Lemma simple_walk_rcons s e : A e -> simple_walk (tl e) s ->
  exists2 s', simple_walk (hd e) s' & \sum_(f <- s') a f <= \sum_(f <- s) a f + a e.
Proof.
move=> eA /and4P[sA s_sorted s_last s_uniq].
have walk_rcons s1 : all A s1 -> sorted arc_link s1 ->
    last (tl e) (map hd s1) == tl e -> tl e \notin map tl s1 -> uniq (map tl s1) ->
    simple_walk (hd e) (rcons s1 e).
  move=> s1A s1_sorted s1_last tl_notin s1_uniq.
  rewrite /simple_walk all_rcons eA s1A sorted_arc_link_rcons s1_sorted s1_last.
  by rewrite !map_rcons last_rcons eqxx rcons_uniq tl_notin s1_uniq.
case: (boolP (tl e \in map tl s)) => [/mapP[y y_s tl_y] | tl_notin]; last first.
  by exists (rcons s e); [apply: walk_rcons | rewrite -cats1 big_cat big_seq1].
case/splitPr: y_s sA s_sorted s_last s_uniq => s1 s2.
rewrite all_cat sorted_cat_cons !map_cat cat_uniq last_cat /= last_map.
move=> /andP[s1A ys2A] /andP[s1y_sorted ys2_path] last_s2.
move=> /and3P[s1_uniq disj ys2_uniq].
rewrite sorted_arc_link_rcons -tl_y in s1y_sorted.
case/andP: s1y_sorted => s1_sorted s1_last.
exists (rcons s1 e).
  by apply: walk_rcons => //; apply: contra disj; rewrite -tl_y => ->.
have cycle_ge0 : 0 <= \sum_(f <- y :: s2) a f.
  apply: simple_cycle_ge0 => //=; rewrite rcons_path ys2_path /arc_link.
  by rewrite -tl_y.
by rewrite -cats1 !big_cat big_seq1 /= lerD2r lerDl.
Qed.

Lemma dist_arc e : A e -> dist (hd e) <= dist (tl e) + a e.
Proof.
move=> eA; rewrite -lerBlDr; apply: le_bigmin => [|s walk_s].
  have walk_nil : simple_walk (tl e) [::] by rewrite /simple_walk /= eqxx.
  have [s' walk_s' le_s'] := simple_walk_rcons eA walk_nil.
  rewrite big_nil add0r in le_s'.
  by rewrite lerBlDr add0r (le_trans (dist_le walk_s')).
have [s' walk_s' le_s'] := simple_walk_rcons eA walk_s.
by rewrite lerBlDr (le_trans (dist_le walk_s')).
Qed.

End ShortestWalks.

Definition unit_potential (R : numDomainType) n (H : {set 'I_n * 'I_n})
    (c : 'I_n -> R) :=
  forall e, e \in H -> c e.1 - c e.2 = 1.

Definition face_potential (R : numDomainType) n (G H : {set 'I_n * 'I_n})
    (c : 'I_n -> R) :=
  unit_potential H c /\ forall e, e \in G :\: H -> c e.1 - c e.2 < 1.

Section EdgePolytopes.
Variables (R : realFieldType) (n : nat).
Implicit Types (A G H : {set 'I_n * 'I_n}) (x : 'rV[R]_n).

Lemma Q_hullP H x : Q H x <-> hull H (@edge_vec R n) x.
Proof.
apply: iff_trans (conv_mapP _ _ (enum_uniq _)) _.
by split=> -[mu mu_ge0 [mu1 xE]]; exists mu; rewrite ?big_enum in mu1 xE *.
Qed.

Lemma Qt_hull0P G x : Qt G x <-> hull0 G (@edge_vec R n) x.
Proof.
pose v (o : option ('I_n * 'I_n)) := if o is Some e then edge_vec R e else 0.
have -> : Qt G x = conv [seq v o | o <- None :: map Some (enum G)] x.
  by rewrite /Qt /= -map_comp.
have uniq_opt : uniq (None :: map Some (enum G)).
  rewrite /= map_inj_uniq ?enum_uniq ?andbT; last exact: Some_inj.
  by apply/mapP => -[].
apply: iff_trans (conv_mapP _ _ uniq_opt) _.
split=> [[mu mu_ge0 []] | [mu mu_ge0 [mu_le1 ->]]].
  rewrite !big_cons !big_map !big_enum /= scaler0 add0r => mu1 ->.
  by exists (mu \o Some) => [i|]; rewrite ?mu_ge0 // -mu1 lerDr; split.
exists (fun o => if o is Some e then mu e else 1 - \sum_(e in G) mu e).
  by case=> //; rewrite subr_ge0.
by rewrite !big_cons !big_map !big_enum /= scaler0 add0r subrK.
Qed.

Lemma Q_neq0 H : (forall e, e \in H -> (e.1 < e.2)%N) -> ~ Q H (0 : 'rV[R]_n).
Proof.
move=> H_fwd /Q_hullP Q0.
suff : dotv (\row_k (k : nat)%:R) (0 : 'rV[R]_n) < 0 by rewrite dotv0 ltxx.
apply: hull_dotv_lt Q0 => e eH.
by rewrite dotv_edge_vec !mxE subr_lt0 ltr_nat H_fwd.
Qed.

(* [e_u - e_v] is the only edge vector on which [x |-> <e_u - e_v, x>] reaches 2. *)
Lemma Q_edge_vec_mem A e : e.1 != e.2 -> Q A (edge_vec R e) -> e \in A.
Proof.
move=> e12 /Q_hullP Qe; apply/contraT => eA.
suff : dotv (edge_vec R e) (edge_vec R e) < 2.
  rewrite dotv_edge_vec !edge_vecE !eqxx (eq_sym e.2) (negbTE e12).
  by rewrite subr0 sub0r opprK ltxx.
apply: hull_dotv_lt Qe => e' e'A.
have : ((e'.1 == e.1) && (e'.2 == e.2)) = false.
  by rewrite -xpair_eqE -!surjective_pairing; apply: contraNF eA => /eqP <-.
rewrite dotv_edge_vec !edge_vecE.
by case: (e'.1 == e.1) (e'.1 == e.2) (e'.2 == e.1) (e'.2 == e.2) => [] [] [] [] //= _; lra.
Qed.

Lemma face_potential_of_face G H : (forall e, e \in G -> (e.1 < e.2)%N) ->
  H \subset G -> is_face (@Q R n H) (@Qt R n G) ->
  exists c : 'I_n -> R, face_potential G H c.
Proof.
move=> G_fwd sHG [c [b [valid faceE]]].
have H_fwd e : e \in H -> (e.1 < e.2)%N by move/(subsetP sHG); apply: G_fwd.
have Qt0 : Qt G (0 : 'rV[R]_n) by apply/Qt_hull0P/hull0_0.
have Qt_edge e : e \in G -> Qt G (edge_vec R e).
  by move=> eG; apply/Qt_hull0P/(hull_hull0 (fun _ => id))/hull_mem.
have b_gt0 : 0 < b.
  rewrite lt_def -{2}(dotv0 c) valid // andbT; apply/eqP => b0.
  by apply: (Q_neq0 H_fwd); apply/faceE; rewrite dotv0 b0.
exists (fun k => c 0 k / b).
split=> [e eH | e /setDP[eG eH]]; rewrite -mulrBl -dotv_edge_vec.
  have /faceE[_ ->] : Q H (edge_vec R e) by apply/Q_hullP/hull_mem.
  by rewrite divff ?gt_eqF.
rewrite ltr_pdivrMr // mul1r lt_neqAle (valid _ (Qt_edge _ eG)) andbT.
apply: contraNneq eH => dot_b; apply: Q_edge_vec_mem.
  exact/negbT/ltn_eqF/G_fwd.
exact/faceE/(conj (Qt_edge _ eG) dot_b).
Qed.

Lemma face_of_face_potential G H (c : 'I_n -> R) : H \subset G ->
  face_potential G H c -> is_face (@Q R n H) (@Qt R n G).
Proof.
move=> sHG [c_unit c_lt1]; pose cv := \row_k c k.
have dot_cv e : dotv cv (edge_vec R e) = c e.1 - c e.2 by rewrite dotv_edge_vec !mxE.
have dot_lt1 e : e \in G -> e \notin H -> dotv cv (edge_vec R e) < 1.
  by move=> eG eH; rewrite dot_cv c_lt1 // inE eH.
have dot_le1 e : e \in G -> dotv cv (edge_vec R e) <= 1.
  move=> eG; case: (boolP (e \in H)) => eH; last by rewrite ltW ?dot_lt1.
  by rewrite dot_cv c_unit.
exists cv, 1; split=> [x /Qt_hull0P | x]; first exact: hull0_dotv_le.
split=> [/Q_hullP Qx | [/Qt_hull0P Qtx dotx]].
  split; first exact/Qt_hull0P/(hull_hull0 (subsetP sHG)).
  by apply: hull_dotv_eq Qx => e eH; rewrite dot_cv c_unit.
apply/Q_hullP; apply: (hull0_face (subsetP sHG) _ dot_lt1 Qtx dotx) => e eH.
by rewrite dot_cv c_unit.
Qed.

End EdgePolytopes.

Section UndirectedPaths.
Variables (n : nat) (H : {set 'I_n * 'I_n}).

Lemma hun_sym : symmetric (hun H).
Proof. by move=> a b; rewrite /hun orbC. Qed.

Lemma connect_hun_sym : connect_sym (hun H).
Proof. exact: sym_connect_sym hun_sym. Qed.

Lemma connect_upath a b : connect (hun H) a b -> exists p, upath H a b p.
Proof.
move/connectP => [p p_path ->]; case: (shortenP p_path) => p' p'_path p'_uniq _.
by exists p'; rewrite /upath p'_path p'_uniq eqxx.
Qed.

Lemma upath_split u v p1 p2 : upath H u v (p1 ++ p2) ->
  upath H u (last u p1) p1 /\ upath H (last u p1) v p2.
Proof.
rewrite /upath cat_path last_cat -cat_cons cat_uniq.
move=> /and3P[/andP[path1 path2] /and3P[uniq1 disj uniq2] last_v].
rewrite /upath path1 path2 uniq1 last_v /= uniq2 eqxx !andbT; split=> //.
by apply: contra disj => last_p2; apply/hasP; exists (last u p1) => //; apply: mem_last.
Qed.

Lemma delta_cat u p q : delta H u (p ++ q) = delta H u p + delta H (last u p) q.
Proof. by elim: p u => [|a p IHp] u /=; rewrite ?add0r // IHp addrA. Qed.

Lemma delta_rcons u p x :
  delta H u (rcons p x) = delta H u p + step_val H (last u p) x.
Proof. by rewrite -cats1 delta_cat /= addr0. Qed.

End UndirectedPaths.

Section UnitPotential.
Variables (n : nat) (H : {set 'I_n * 'I_n}) (R : realDomainType) (c : 'I_n -> R).
Hypothesis c_unit : unit_potential H c.

Lemma step_val_unit_potential a b : hun H a b -> (step_val H a b)%:~R = c a - c b.
Proof.
rewrite /step_val /hun; case: ifP => [ab _ | _ /= ba]; first by rewrite (c_unit ab).
by rewrite ba -opprB (c_unit ba).
Qed.

Lemma delta_unit_potential u p :
  path (hun H) u p -> (delta H u p)%:~R = c u - c (last u p).
Proof.
elim: p u => [|a p IHp] u /=; first by rewrite subrr.
by move=> /andP[ua ap]; rewrite intrD step_val_unit_potential // IHp // addrA subrK.
Qed.

Lemma ell_unit_potential u v l : is_ell H u v l -> l%:~R = c u - c v.
Proof. by move=> [p [/and3P[p_path _ /eqP <-] <-]]; apply: delta_unit_potential. Qed.

Lemma unit_potential_path_consistent : path_consistent H.
Proof.
move=> u v p q up uq; apply: (@intr_inj R).
by rewrite !(@ell_unit_potential u v) //; [exists q | exists p].
Qed.

Lemma weight_source_max us a :
  weight_source H us -> connect (hun H) us a -> c a <= c us.
Proof.
move=> [vs [l [us_vs [ell_l l_max]]]] us_a.
have [p a_vs_p] : exists p, upath H a vs p.
  by apply: connect_upath; rewrite (connect_trans _ us_vs) // connect_hun_sym.
have := l_max a vs _ us_a us_vs (ex_intro _ p (conj a_vs_p erefl)).
rewrite -(ler_int R) (ell_unit_potential ell_l) (@ell_unit_potential a vs).
  by rewrite lerD2r.
by exists p.
Qed.

Lemma weight_add_unit_potential w i j : is_weight H w ->
  connect (hun H) i j -> (w i)%:~R + c i = (w j)%:~R + c j.
Proof.
move=> w_weight ij.
have source k : exists us, [/\ connect (hun H) k us, (w k)%:~R + c k = c us &
    forall a, connect (hun H) k a -> c a <= c us].
  have [us [us_k [us_src ell_k]]] := w_weight k; exists us; split.
  - by rewrite connect_hun_sym.
  - by rewrite (ell_unit_potential ell_k) subrK.
  - move=> a ka; apply: weight_source_max us_src _; exact: connect_trans us_k ka.
have [ui [i_ui -> max_i]] := source i; have [uj [j_uj -> max_j]] := source j.
apply/le_anti/andP; split; [apply: max_j | apply: max_i].
  by rewrite (connect_trans _ i_ui) // connect_hun_sym.
exact: connect_trans ij j_uj.
Qed.

End UnitPotential.

Lemma face_potential_admissible (R : realDomainType) n (G H : {set 'I_n * 'I_n})
    (c : 'I_n -> R) :
  face_potential G H c -> admissible G H.
Proof.
move=> [c_unit c_lt1] w w_weight k f [f_arcs f_link _].
(* [w + c] is constant on components, so the cycle sum telescopes. *)
pose K x := (w x)%:~R + c x.
have wdE i : ((w (f i).1 - w (f i).2)%:~R : R) =
    (K (f i).1 - K (f (ordS i)).1) + (c (f i).2 - c (f i).1).
  rewrite /K -(weight_add_unit_potential c_unit w_weight (f_link i)) intrB; lra.
rewrite -(ltr_int R) rmorph_sum (eq_bigr _ (fun i _ => wdE i)) /= big_split /=.
have -> : ((- (k.+1)%:Z)%:~R : R) = \sum_(i < k.+1) (-1 : R).
  by rewrite sumr_const card_ord rmorphN /= -mulNrn.
rewrite sum_ordS_sub add0r; apply: ltr_sum => [|i _].
  by apply/hasP; exists ord0; rewrite ?mem_index_enum.
by have := c_lt1 _ (f_arcs i); lra.
Qed.

Section PathConsistentPotential.
Variables (n : nat) (H : {set 'I_n * 'I_n}).
Hypothesis H_fwd : forall e, e \in H -> (e.1 < e.2)%N.
Hypothesis H_consistent : path_consistent H.

Lemma step_val_rev a b : (a, b) \in H -> step_val H b a = -1.
Proof.
move=> ab; rewrite /step_val ab; case: ifP => // ba.
by have := ltn_trans (H_fwd ab) (H_fwd ba); rewrite ltnn.
Qed.

Lemma upath_edge_rev a b : (a, b) \in H -> upath H b a [:: a].
Proof.
move=> ab; have ba : b != a by apply: contraTneq (H_fwd ab) => /= ->; rewrite ltnn.
by rewrite /upath /= /hun ab orbT inE ba eqxx.
Qed.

• **Exercise prompt**
Wherever the word "Hypothesis" appears in the listing, copy the line that holds it.

• **Response to the exercise**
Hypothesis c_unit : unit_potential H c.
Hypothesis H_fwd : forall e, e \in H -> (e.1 < e.2)%N.
Hypothesis H_consistent : path_consistent H.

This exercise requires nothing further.